**Assignment**
The expected output is the exact lines from the one containing "Theorem mainTheorem3 (R" through the end of the data, inclusive, and nothing else.

====== Data in this exercise

(* Let $T$ be a finite set of triples and $Q$ a finite nonempty set of queries. For each $q \in Q$ let $T_q \subseteq T$ be nonempty and $f_q(t) = \mathbb{I}[t\in T_q]$. Define $c_t = \sum_{q\in Q} f_q(t)$, $\mathrm{cost}(G,Q) = \sum_{t\in T} c_t$, the sensitivity $s(t) = \sum_{q\in Q}\frac{1}{|T_q|}\mathbb{I}[t\in T_q]$, $S = \sum_{t\in T} s(t)$, and the sampling probability $p(t) = s(t)/S$. Let $m\ge 1$, draw $m$ triples independently from $T$ according to $p$, let $X_t$ be the number of times $t$ is drawn, and let $w(t) = \frac{1}{m\,p(t)}$ for triples with $p(t)>0$. Define $\mathrm{cost}(C,Q) = \sum_{t \in T:\, X_t>0} X_t\, w(t)\, c_t$. Then \begin{enumerate} \item $\mathbb{E}[\mathrm{cost}(C,Q)] = \mathrm{cost}(G,Q)$; \item $\operatorname{Var}[\mathrm{cost}(C,Q)] \leq \frac{|Q|}{m}\,\mathrm{cost}(G,Q)^2$. \end{enumerate}
   Context: $T$ is the triple set of a knowledge graph $G$, $Q$ a user-specific query workload, and $T_q$ the set of triples relevant to query $q$. Triples with $s(t)=0$ (equivalently $c_t = 0$) are never sampled. Thus $X_t \sim \mathrm{Binomial}(m,p(t))$. *)

From HB Require Import structures.
From mathcomp Require Import all_boot all_order all_algebra.
Set Implicit Arguments. Unset Strict Implicit. Unset Printing Implicit Defensive.
Import Order.TTheory GRing.Theory Num.Theory.
Local Open Scope ring_scope.

Section Coreset.
Variables (R : realFieldType) (T Q : finType) (Tq : Q -> {set T}) (m : nat).

Definition fq (q : Q) (t : T) : R := (t \in Tq q)%:R.
Definition cnt (t : T) : R := \sum_(q : Q) fq q t.
Definition costG : R := \sum_(t : T) cnt t.
Definition sens (t : T) : R := \sum_(q : Q) (#|Tq q|%:R)^-1 * fq q t.
Definition Stot : R := \sum_(t : T) sens t.
Definition prob (t : T) : R := sens t / Stot.
Definition wgt (t : T) : R := (m%:R * prob t)^-1.

(* Sample space: m independent draws, an outcome is x : 'I_m -> T,
   with probability prod_i p(x_i). *)
Definition outcome := {ffun 'I_m -> T}.
Definition Pr (x : outcome) : R := \prod_(i < m) prob (x i).
Definition Xc (x : outcome) (t : T) : nat := #|[set i : 'I_m | x i == t]|.
Definition costC (x : outcome) : R :=
  \sum_(t : T | (0 < Xc x t)%N) (Xc x t)%:R * wgt t * cnt t.

Definition Expect (f : outcome -> R) : R := \sum_(x : outcome) Pr x * f x.
Definition Variance (f : outcome -> R) : R :=
  Expect (fun x => (f x - Expect f) ^+ 2).
End Coreset.

From HB Require Import structures.
From mathcomp Require Import all_boot all_order all_algebra.
From mathcomp Require Import ring.
Set Implicit Arguments. Unset Strict Implicit. Unset Printing Implicit Defensive.
Import Order.TTheory GRing.Theory Num.Theory.
Local Open Scope ring_scope.

(* cost(C,Q) is a sum of m independent copies of w(X) c(X) with X ~ p.  The
   importance weight w = 1/(m p) makes each copy have mean cost(G,Q)/m, so the
   estimator is unbiased.  The variance of an i.i.d. sum is m times the
   variance of one copy, at most m E[(w c)^2] = sum_t S c_t^2 / (m s(t)).
   Every |T_q| is at most cost(G,Q), hence c_t <= cost(G,Q) s(t), and
   S = |Q| since each query distributes total sensitivity 1. *)

Lemma prod_if_eq (R : comPzSemiRingType) (I : finType) (i : I) (F : I -> R) :
  \prod_j (if j == i then F j else 1) = F i.
Proof. by rewrite -big_mkcond big_pred1_eq. Qed.

Lemma prod_if_eq2 (R : comPzSemiRingType) (I : finType) (i k : I) (F G : I -> R) :
  i != k -> \prod_j (if j == i then F j else if j == k then G j else 1) = F i * G k.
Proof.
move=> ik; rewrite (bigD1 i) // (bigD1 k) 1?eq_sym //= !eqxx eq_sym (negbTE ik).
by rewrite big1 ?mulr1 // => j /andP[/negbTE-> /negbTE->].
Qed.

Lemma sum_draw_counts (R : pzSemiRingType) (T : finType) (m : nat)
    (x : {ffun 'I_m -> T}) (F : T -> R) :
  \sum_(t | (0 < Xc x t)%N) (Xc x t)%:R * F t = \sum_i F (x i).
Proof.
rewrite big_mkcond (partition_big x predT) //=; apply: eq_bigr => t _.
rewrite (eq_bigr (fun=> F t)) => [|i /eqP <-] //.
rewrite sumr_const mulr_natl /Xc cardsE.
by case: ifP => // /negbT; rewrite -eqn0Ngt => /eqP ->.
Qed.

Section IidDraws.
Variables (R : comPzRingType) (T : finType) (p : T -> R) (m : nat).
Hypothesis sum_p1 : \sum_t p t = 1.

Local Notation mean g := (\sum_t p t * g t).

Lemma mean1 : mean (fun=> 1) = 1.
Proof. by under eq_bigr do rewrite mulr1. Qed.

Lemma expect_prod_draws (a : 'I_m -> T -> R) :
  \sum_(x : {ffun 'I_m -> T}) (\prod_j p (x j)) * \prod_j a j (x j)
  = \prod_j mean (a j).
Proof. by rewrite bigA_distr_bigA; apply: eq_bigr => x _; rewrite big_split. Qed.

Lemma expect_draw (i : 'I_m) (g : T -> R) :
  \sum_(x : {ffun 'I_m -> T}) (\prod_j p (x j)) * g (x i) = mean g.
Proof.
transitivity (\prod_j mean (fun t => if j == i then g t else 1)).
  rewrite -expect_prod_draws; apply: eq_bigr => x _.
  by rewrite (prod_if_eq i (fun j => g (x j))).
rewrite -(prod_if_eq i (fun=> mean g)); apply: eq_bigr => j _.
by case: (j == i); rewrite ?mean1.
Qed.

Lemma expect_draw2 (i k : 'I_m) (g h : T -> R) : i != k ->
  \sum_(x : {ffun 'I_m -> T}) (\prod_j p (x j)) * (g (x i) * h (x k))
  = mean g * mean h.
Proof.
move=> ik.
transitivity (\prod_j mean (fun t => if j == i then g t else if j == k then h t else 1)).
  rewrite -expect_prod_draws; apply: eq_bigr => x _.
  by rewrite (prod_if_eq2 (fun j => g (x j)) (fun j => h (x j)) ik).
rewrite -(prod_if_eq2 (fun=> mean g) (fun=> mean h) ik); apply: eq_bigr => j _.
by case: (j == i); case: (j == k); rewrite ?mean1.
Qed.

Lemma expect_sum_draws (g : T -> R) :
  \sum_(x : {ffun 'I_m -> T}) (\prod_j p (x j)) * \sum_i g (x i) = m%:R * mean g.
Proof.
under eq_bigr do rewrite mulr_sumr.
rewrite exchange_big /=; under eq_bigr do rewrite expect_draw.
by rewrite sumr_const card_ord mulr_natl.
Qed.

Lemma mean_centered_sqr (g : T -> R) :
  mean (fun t => (g t - mean g) ^+ 2) = mean (fun t => g t ^+ 2) - mean g ^+ 2.
Proof.
transitivity (mean (fun t => g t ^+ 2) - mean g *+ 2 * mean g + mean g ^+ 2 * \sum_t p t).
  rewrite !mulr_sumr -sumrB -big_split /=.
  by apply: eq_bigr => t _; ring.
by rewrite sum_p1; ring.
Qed.

Lemma variance_sum_draws (g : T -> R) :
  \sum_(x : {ffun 'I_m -> T}) (\prod_j p (x j)) * (\sum_i g (x i) - m%:R * mean g) ^+ 2
  = m%:R * (mean (fun t => g t ^+ 2) - mean g ^+ 2).
Proof.
set mu := mean g; pose h t := g t - mu.
(* Centering makes the cross terms of the square vanish by independence. *)
have mean_h : mean h = 0.
  rewrite /h; under eq_bigr do rewrite mulrBr.
  by rewrite sumrB -mulr_suml sum_p1 mul1r subrr.
have expand_sqr (x : {ffun 'I_m -> T}) :
    (\prod_j p (x j)) * (\sum_i g (x i) - m%:R * mu) ^+ 2
    = \sum_i \sum_k (\prod_j p (x j)) * (h (x i) * h (x k)).
  have -> : \sum_i g (x i) - m%:R * mu = \sum_i h (x i).
    by rewrite sumrB sumr_const card_ord mulr_natl.
  rewrite expr2 big_distrlr mulr_sumr.
  by apply: eq_bigr => i _; rewrite mulr_sumr.
have cross i : \sum_k \sum_(x : {ffun 'I_m -> T}) (\prod_j p (x j)) * (h (x i) * h (x k))
               = mean (fun t => h t ^+ 2).
  rewrite (bigD1 i) //= [X in _ + X]big1 => [|k ki]; last first.
    by rewrite expect_draw2 1?eq_sym // mean_h mul0r.
  rewrite addr0 -(expect_draw i (fun t => h t ^+ 2)).
  by apply: eq_bigr => x _; rewrite expr2.
under eq_bigr do rewrite expand_sqr.
rewrite exchange_big /=; under eq_bigr do rewrite exchange_big /= cross.
by rewrite sumr_const card_ord mulr_natl -mean_centered_sqr.
Qed.

End IidDraws.

Section CoresetSampling.
Variables (R : realFieldType) (T Q : finType) (Tq : Q -> {set T}) (m : nat).
Hypotheses (Q_gt0 : (0 < #|Q|)%N) (Tq_neq0 : forall q, Tq q != set0)
  (m_gt0 : (0 < m)%N).

Local Notation fq := (@fq R T Q Tq).
Local Notation cnt := (@cnt R T Q Tq).
Local Notation costG := (@costG R T Q Tq).
Local Notation sens := (@sens R T Q Tq).
Local Notation Stot := (@Stot R T Q Tq).
Local Notation prob := (@prob R T Q Tq).
Local Notation wgt := (@wgt R T Q Tq m).
Local Notation costC := (@costC R T Q Tq m).
Local Notation Expect := (@Expect R T Q Tq m).
Local Notation Variance := (@Variance R T Q Tq m).

Lemma sum_fq q : \sum_t fq q t = #|Tq q|%:R.
Proof.
rewrite -sum1_card natr_sum [RHS]big_mkcond; apply: eq_bigr => t _.
by rewrite /fq; case: (t \in Tq q).
Qed.

Lemma Stot_card : Stot = #|Q|%:R.
Proof.
rewrite /Stot /sens exchange_big /= -sum1_card natr_sum; apply: eq_bigr => q _.
by rewrite -mulr_sumr sum_fq mulVf // pnatr_eq0 -lt0n card_gt0.
Qed.

Lemma cnt_ge0 t : 0 <= cnt t.
Proof. exact: sumr_ge0. Qed.

Lemma card_Tq_le_costG q : #|Tq q|%:R <= costG.
Proof.
rewrite -sum_fq; apply: ler_sum => t _.
by rewrite /cnt (bigD1 q) //= lerDl sumr_ge0.
Qed.

Lemma cnt_le_costG_sens t : cnt t <= costG * sens t.
Proof.
rewrite /cnt /sens mulr_sumr; apply: ler_sum => q _.
rewrite mulrA -[X in X <= _]mul1r ler_wpM2r //.
by rewrite ler_pdivlMr ?mul1r ?card_Tq_le_costG // ltr0n card_gt0.
Qed.

Lemma sens_ge0 t : 0 <= sens t.
Proof. by apply: sumr_ge0 => q _; rewrite mulr_ge0 ?invr_ge0 ?ler0n. Qed.

Lemma sens_eq0_cnt_eq0 t : sens t = 0 -> cnt t = 0.
Proof.
move=> st; apply/eqP; rewrite eq_le cnt_ge0 andbT.
by rewrite -(mulr0 costG) -st cnt_le_costG_sens.
Qed.

Lemma Stot_neq0 : Stot != 0.
Proof. by rewrite Stot_card pnatr_eq0 -lt0n. Qed.

Lemma sum_prob : \sum_t prob t = 1.
Proof. by rewrite -mulr_suml mulfV // Stot_neq0. Qed.

Lemma natr_m_neq0 : m%:R != 0 :> R.
Proof. by rewrite pnatr_eq0 -lt0n. Qed.

Lemma prob_wgt_cnt t : prob t * (wgt t * cnt t) = cnt t / m%:R.
Proof.
have [st|st] := eqVneq (sens t) 0.
  by rewrite sens_eq0_cnt_eq0 // !(mulr0, mul0r).
by rewrite /wgt /prob; field; rewrite natr_m_neq0 st Stot_neq0.
Qed.

Lemma prob_wgt_cnt_sqr t :
  prob t * (wgt t * cnt t) ^+ 2 <= #|Q|%:R / m%:R ^+ 2 * costG * cnt t.
Proof.
have [st|st] := eqVneq (sens t) 0.
  by rewrite sens_eq0_cnt_eq0 // !(mulr0, mul0r, expr0n).
have -> : prob t * (wgt t * cnt t) ^+ 2
          = #|Q|%:R / m%:R ^+ 2 * (cnt t / sens t) * cnt t.
  by rewrite /wgt /prob -Stot_card; field; rewrite natr_m_neq0 st Stot_neq0.
rewrite ler_wpM2r ?cnt_ge0 // ler_wpM2l ?divr_ge0 ?ler0n ?sqr_ge0 //.
by rewrite ler_pdivrMr ?lt0r ?st ?sens_ge0 // cnt_le_costG_sens.
Qed.

Lemma costC_sum_draws x : costC x = \sum_i wgt (x i) * cnt (x i).
Proof.
rewrite -(sum_draw_counts x (fun t => wgt t * cnt t)).
by apply: eq_bigr => t _; rewrite mulrA.
Qed.

Lemma expect_costC : Expect costC = costG.
Proof.
rewrite /Expect /Pr; under eq_bigr do rewrite costC_sum_draws.
rewrite (expect_sum_draws m sum_prob (fun t => wgt t * cnt t)).
under eq_bigr do rewrite prob_wgt_cnt.
by rewrite -mulr_suml mulrCA mulfV ?mulr1 // natr_m_neq0.
Qed.

Lemma variance_costC : Variance costC <= #|Q|%:R / m%:R * costG ^+ 2.
Proof.
set g := fun t => wgt t * cnt t.
have costG_mean : costG = m%:R * \sum_t prob t * g t.
  under eq_bigr do rewrite prob_wgt_cnt.
  by rewrite -mulr_suml mulrCA mulfV ?mulr1 // natr_m_neq0.
rewrite /Variance expect_costC /Expect /Pr {1}costG_mean.
under eq_bigr do rewrite costC_sum_draws.
rewrite (variance_sum_draws m sum_prob g).
apply: (@le_trans _ _ (m%:R * \sum_t prob t * g t ^+ 2)).
  by rewrite ler_wpM2l ?ler0n // gerBl sqr_ge0.
apply: (@le_trans _ _ (m%:R * \sum_t #|Q|%:R / m%:R ^+ 2 * costG * cnt t)).
  by rewrite ler_wpM2l ?ler0n //; apply: ler_sum => t _; apply: prob_wgt_cnt_sqr.
rewrite -mulr_sumr (_ : m%:R * _ = #|Q|%:R / m%:R * costG ^+ 2) //.
by rewrite /costG; field; rewrite natr_m_neq0.
Qed.

End CoresetSampling.

Theorem mainTheorem3 (R : realFieldType) (T Q : finType) (Tq : Q -> {set T})
    (m : nat) :
  (0 < #|Q|)%N ->
  (forall q : Q, Tq q != set0) ->
  (1 <= m)%N ->
  @Expect R T Q Tq m (@costC R T Q Tq m) = @costG R T Q Tq /\
  @Variance R T Q Tq m (@costC R T Q Tq m)
    <= (#|Q|%:R / m%:R) * (@costG R T Q Tq) ^+ 2.
Proof.
move=> Q_gt0 Tq_neq0 m_gt0.
by split; [exact: expect_costC | exact: variance_costC].
Qed.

============

**Task answer**
Theorem mainTheorem3 (R : realFieldType) (T Q : finType) (Tq : Q -> {set T})
    (m : nat) :
  (0 < #|Q|)%N ->
  (forall q : Q, Tq q != set0) ->
  (1 <= m)%N ->
  @Expect R T Q Tq m (@costC R T Q Tq m) = @costG R T Q Tq /\
  @Variance R T Q Tq m (@costC R T Q Tq m)
    <= (#|Q|%:R / m%:R) * (@costG R T Q Tq) ^+ 2.
Proof.
move=> Q_gt0 Tq_neq0 m_gt0.
by split; [exact: expect_costC | exact: variance_costC].
Qed.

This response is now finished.